─── TASK MATERIAL
Lemma cadjE p s : p \in AGL F -> p Fd != Fd ->
  cadj Fd p s = (s == twist p) || (p == twist s).
Proof.
move=> pA pF; apply/idP/idP => [/cadj_twistP[]-> | /orP[/eqP-> | /eqP pE]].
- by rewrite eqxx.
- by rewrite eqxx orbT.
- exact: cadj_twist.
have sE : s = iter n.-1 twist p by rewrite pE iter_twist_predK.
by rewrite cadj_sym pE cadj_twist // sE ?iter_twist_AGL ?iter_twist_moves.
Qed.

Lemma uniq_traject_twist p : p Fd != Fd -> uniq (traject twist p n).
Proof.
move=> pF; have lt_pred : (n.-1 < n)%N by rewrite ltn_predL (prim_order_gt0 r_prim).
rewrite -(ltn_predK lt_pred) looping_uniq; apply/trajectP => -[i lt_i].
move/(congr1 (fun z : {perm F} => z Fd)); rewrite !iter_twist_center => /(dil_injl pF)/eqP.
rewrite (eq_prim_root_expr r_prim) !modn_small ?(ltn_trans lt_i) // => /eqP ni.
by rewrite ni ltnn in lt_i.
Qed.

Lemma fcycle_traject_twist p : fcycle twist (traject twist p n).
Proof.
case: n (prim_order_gt0 r_prim) iter_twist_predK => // n' _ twistK.
rewrite trajectS /= (_ : rcons _ p = traject twist (twist p) n'.+1) ?fpath_traject //.
by rewrite trajectSr twistK.
Qed.

Lemma component_twist p : p \in AGL F -> p Fd != Fd ->
  component Fd p = [set x in traject twist p n].
Proof.
move=> pA pF; apply/setP => y; rewrite !inE; apply/idP/idP.
  have closed_orbit : closed (cadj Fd) (traject twist p n).
    apply: (intro_closed (sym_connect_sym (cadj_sym Fd))) => x z.
    move=> /cadj_twistP[-> | xE] /trajectP[k _ xk]; first by rewrite xk -iterS mem_traject_twist.
    by rewrite -(iter_twist_predK z) -xE xk -iterD mem_traject_twist.
  by move/(closed_connect closed_orbit) <-; rewrite (mem_traject_twist p 0).
move/trajectP=> [k _ ->]; elim: k => [|k IH]; first exact: connect0.
apply: connect_trans IH (connect1 _); rewrite iterS.
by apply: cadj_twist; [exact: iter_twist_AGL | exact: iter_twist_moves].
Qed.

Lemma component_cycle p : p \in AGL F -> p Fd != Fd ->
  is_cycle_graph (cadj Fd) (component Fd p) n.
Proof.
move=> pA pF; exists (traject twist p n).
split; [exact: uniq_traject_twist | exact: size_traject | exact: component_twist |].
have nextE x : x \in traject twist p n -> next (traject twist p n) x = twist x.
  by move=> xO; apply/esym/eqP/(next_cycle (fcycle_traject_twist p) xO).
move=> x y; rewrite component_twist // !inE => xO yO; rewrite !nextE //.
move/trajectP: xO => [k _ ->]; rewrite cadjE ?iter_twist_AGL ?iter_twist_moves //.
Qed.

End Cycle.

End Root.

Section FiniteField.
Variable F : finFieldType.
Local Open Scope ring_scope.

Lemma odd_card_finField : odd #|F| = (2 != 0 :> F).
Proof.
apply/idP/idP => [odd_F | two_neq0].
  apply: contraL odd_F => /eqP two_eq0; rewrite -dvdn2.
  have ord1 : #[(1 : F)%R]%g = 2%N.
    have : (#[(1 : F)%R]%g %| 2)%N by rewrite order_dvdn zmodXgE zmod1gE two_eq0.
    rewrite dvdn_divisors // !inE => /orP[/eqP o1 | /eqP //].
    by move/eqP: o1; rewrite order_eq1 zmod1gE oner_eq0.
  by rewrite -ord1 -cardsT order_dvdG ?inE.
apply: contraR two_neq0 => even_F.
have [x _ ox] : {x | x \in [set: F] & #[x]%g = 2%N}.
  by apply: Cauchy; rewrite // cardsT dvdn2.
have x0 : x != 0 by rewrite -zmod1gE -order_eq1 ox.
have /eqP : x * 2 = 0 by rewrite mulr_natr -zmodXgE -ox expg_order.
by rewrite mulf_eq0 (negbTE x0).
Qed.

Lemma exists_Phi6_root : (#|F| %% 3 = 1)%N ->
  exists2 r : F, r ^+ 2 - r + 1 = 0 & r + 1 != 0.
Proof.
move=> F3.
have d3 : (3 %| #|[set: {unit F}]%G|)%N.
  by have := finNzRing_gt1 F; rewrite card_finField_unit; lia.
have [w _ ow] := Cauchy (isT : prime 3) d3.
have w3 : val w ^+ 3 = 1 by rewrite -val_unitX -ow expg_order.
have w1 : val w != 1.
  by apply/eqP => w1; move: ow; rewrite (_ : w = 1%g) ?order1 //; apply: val_inj.
have w_root : val w ^+ 2 + val w + 1 = 0.
  have w1' : val w - 1 != 0 by rewrite subr_eq0.
  apply: (mulfI w1'); rewrite mulr0; transitivity (val w ^+ 3 - 1); first by ring.
  by rewrite w3 subrr.
exists (- val w); first by rewrite -w_root; ring.
by rewrite addrC subr_eq0 eq_sym.
Qed.

End FiniteField.

Unset Implicit Arguments.

Theorem theorem6 (F : finFieldType) (Fd : F) :
  #|F| %% 3 = 1 ->
  [/\ (forall p, p \in AGL F -> (isolated Fd p <-> fun_of_perm p Fd = Fd)),
      #|[set p in AGL F | isolated Fd p]| = #|F| - 1,
      (odd #|F| -> forall p, p \in AGL F -> ~~ isolated Fd p ->
          is_cycle_graph (cadj Fd) (component Fd p) 6) &
      (~~ odd #|F| -> forall p, p \in AGL F -> ~~ isolated Fd p ->
          is_cycle_graph (cadj Fd) (component Fd p) 3)].
Proof.
move=> F3; have [r r_root r_neqN1] := exists_Phi6_root F3.
have isoE := isolatedE Fd r_root r_neqN1.
split.
- by move=> p pA; rewrite isoE //; split=> /eqP.
- rewrite subn1 -(card_AGL_fix Fd); apply: eq_card => p.
  by apply/setIdP/setIdP => -[pA]; rewrite isoE.
- move=> odd_F p pA; rewrite isoE // => pF.
  apply: (component_cycle r_root r_neqN1 _ pA pF).
  by apply: (root_prim6 r_root r_neqN1); rewrite -odd_card_finField.
- move=> even_F p pA; rewrite isoE // => pF.
  apply: (component_cycle r_root r_neqN1 _ pA pF).
  by apply: (root_prim3 r_root); apply/eqP; apply: contraNT even_F; rewrite odd_card_finField.
Qed.
Lemma tensm_comp_tail {A1 A2 A3 B1 B2 B3 X : Ob C} (f1 : Hom A1 A2) (f2 : Hom A2 A3)
    (g1 : Hom B1 B2) (g2 : Hom B2 B3) (h : Hom X _) :
  (f2 (x) g2) o ((f1 (x) g1) o h) = ((f2 o f1) (x) (g2 o g1)) o h.
Proof. rewrite tensm_comp, comp_assoc. reflexivity. Qed.

Lemma tensm_comp_l {A A' A'' B B'} (f : Hom A' A'') (g : Hom A A') (h : Hom B B') :
  (f o g) (x) h = (f (x) idm B') o (g (x) h).
Proof. rewrite <- tensm_comp, comp_idl. reflexivity. Qed.

Lemma tensm_comp_r {A A' A'' B B'} (f : Hom A' A'') (g : Hom A A') (h : Hom B B') :
  h (x) (f o g) = (idm B' (x) f) o (h (x) g).
Proof. rewrite <- tensm_comp, comp_idl. reflexivity. Qed.

Lemma tensm_split_l {A A' B B'} (f : Hom A A') (g : Hom B B') :
  f (x) g = (f (x) idm B') o (idm A (x) g).
Proof. rewrite <- tensm_comp, comp_idl, comp_idr. reflexivity. Qed.

Lemma tensm_split_r {A A' B B'} (f : Hom A A') (g : Hom B B') :
  f (x) g = (idm A' (x) g) o (f (x) idm B).
Proof. rewrite <- tensm_comp, comp_idl, comp_idr. reflexivity. Qed.

Lemma tensm_interchange {A A' B B'} (f : Hom A A') (g : Hom B B') :
  (idm A' (x) g) o (f (x) idm B) = (f (x) idm B') o (idm A (x) g).
Proof. rewrite <- tensm_split_l, <- tensm_split_r. reflexivity. Qed.

Lemma tensm_interchange_tail {A A' B B' X} (f : Hom A A') (g : Hom B B') (h : Hom X _) :
  (idm A' (x) g) o ((f (x) idm B) o h) = (f (x) idm B') o ((idm A (x) g) o h).
Proof. rewrite !comp_assoc, tensm_interchange. reflexivity. Qed.
(* Let $C$ and $\bar{C}$ be categories, each with a final object ($pt$, resp. $\bar{pt}$), fiber products, a class of confined maps, a class of independent squares and a class of allowable maps (all as described in the context), let $\bar{\ }: C\to\bar{C}$ be a functor respecting these structures, and let $F$ be a partial weak bivariant theory on $C$ and $H$ a partial weak bivariant theory on $\bar{C}$. Assume every map $X\to pt$ in $C$ (resp. $\bar X\to\bar{pt}$ in $\bar C$) is allowable, that $F_*(pt):=F(pt\to pt)$ contains an element $1_{pt}$ with $\alpha\bullet 1_{pt}=\alpha$ for all $\alpha\in F_*(X):=F(X\to pt)$ and all $X$, similarly $1_{\bar{pt}}\in H_*(\bar{pt})$ for $H$, and that every commutative square whose horizontal maps are identities (i.e. $g=\mathrm{id}_Y$, $g'=\mathrm{id}_X$, vertical maps both equal to some $f$) is independent. Let $c_*:F_*\to H_*$ be a natural transformation of the associated covariant theories (i.e. a family of homomorphisms $c_*:F(X\to pt)\to H(\bar X\to\bar{pt})$ with $c_*\circ f_*=\bar f_*\circ c_*$ for confined $f$) with $c_*(1_{pt})=1_{\bar{pt}}$. Fix a class of orientable objects of $C$ containing $pt$, with distinguished elements $e_Y\in F_*(Y)$ such that $c_*(e_Y)$ is a strong orientation in $H$ and $e_{pt}=1_{pt}$, and for each o-allowable $f:X\to Y$ let $\gamma_f:F(f:X\to Y)\to H(\bar f:\bar X\to\bar Y)$ be the unique homomorphism with $c_*(\alpha\bullet e_Y)=\gamma_f(\alpha)\,\bar\bullet\,c_*(e_Y)$ for all $\alpha$. Let $f:X\to Y$ be o-allowable and let $\alpha\in F(f:X\to Y)$ satisfy $c_*(\alpha\bullet\beta)=\gamma_f(\alpha)\,\bar\bullet\,c_*(\beta)$ for every $\beta\in F_*(Y)$. Then for every o-allowable $g:Y\to Z$ and every $\beta\in F(g:Y\to Z)$ one has $$\gamma_{g\circ f}(\alpha\bullet\beta)=\gamma_f(\alpha)\,\bar\bullet\,\gamma_g(\beta).$$
   Context: Setting (following Fulton–MacPherson). A category $C$ has a final object $pt$ and fiber products, a class of confined maps (closed under composition and base change, containing identities) and a class of independent squares (fiber squares, closed under vertical and horizontal composition, containing every square, or its transpose, whose two parallel sides are identity maps). A class of allowable maps is closed under composition and such that $g\circ f$ is allowable whenever $f$ is confined and $g$ allowable. A partial weak bivariant theory $T$ assigns to each allowable $f:X\to Y$ an abelian group $T(f:X\to Y)$ with: a product $\bullet:T(f:X\to Y)\times T(g:Y\to Z)\to T(g\circ f:X\to Z)$ (for $f,g$ allowable); a push-forward $f_*:T(g\circ f:X\to Z)\to T(g:Y\to Z)$ for $f$ confined and $g$ allowable; a pull-back $g^*:T(f:X\to Y)\to T(f':X'\to Y')$ for every independent square with $X'\to X$ over $g:Y'\to Y$ and $f,f'$ allowable; satisfying, for allowable maps, associativity of product, functoriality of push-forward and pull-back, and compatibility of product with push-forward, of product with pull-back, and of push-forward with pull-back (the bivariant projection formula is not required). A functor $\bar{\ }:C\to\bar C$ ''respecting the structures'' preserves final objects, confined maps, independent squares and allowable maps. For $H$ on $\bar C$, an element $\theta\in H(g:Y\to Z)$ is a strong orientation if $-\bullet\theta: H(f':X'\to Y)\to H(g\circ f':X'\to Z)$ is an isomorphism for all $f':X'\to Y$ (with the relevant maps allowable). A morphism $f:X\to Y$ of $C$ is o-allowable if it is allowable and $Y$ is orientable. The product in $H$ is written $\bar\bullet$. *)

From HB Require Import structures.
From mathcomp Require Import all_boot all_algebra.
Set Implicit Arguments.
Unset Strict Implicit.
Unset Printing Implicit Defensive.
Import GRing.Theory.
Local Open Scope ring_scope.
──────
TASK ITEM:
Set down the line that contains "From HB Require Import structures." exactly. Do the same for each later line of the data, through the end, and add nothing.

EXPECTED ANSWER:
From HB Require Import structures.
From mathcomp Require Import all_boot all_algebra.
Set Implicit Arguments.
Unset Strict Implicit.
Unset Printing Implicit Defensive.
Import GRing.Theory.
Local Open Scope ring_scope.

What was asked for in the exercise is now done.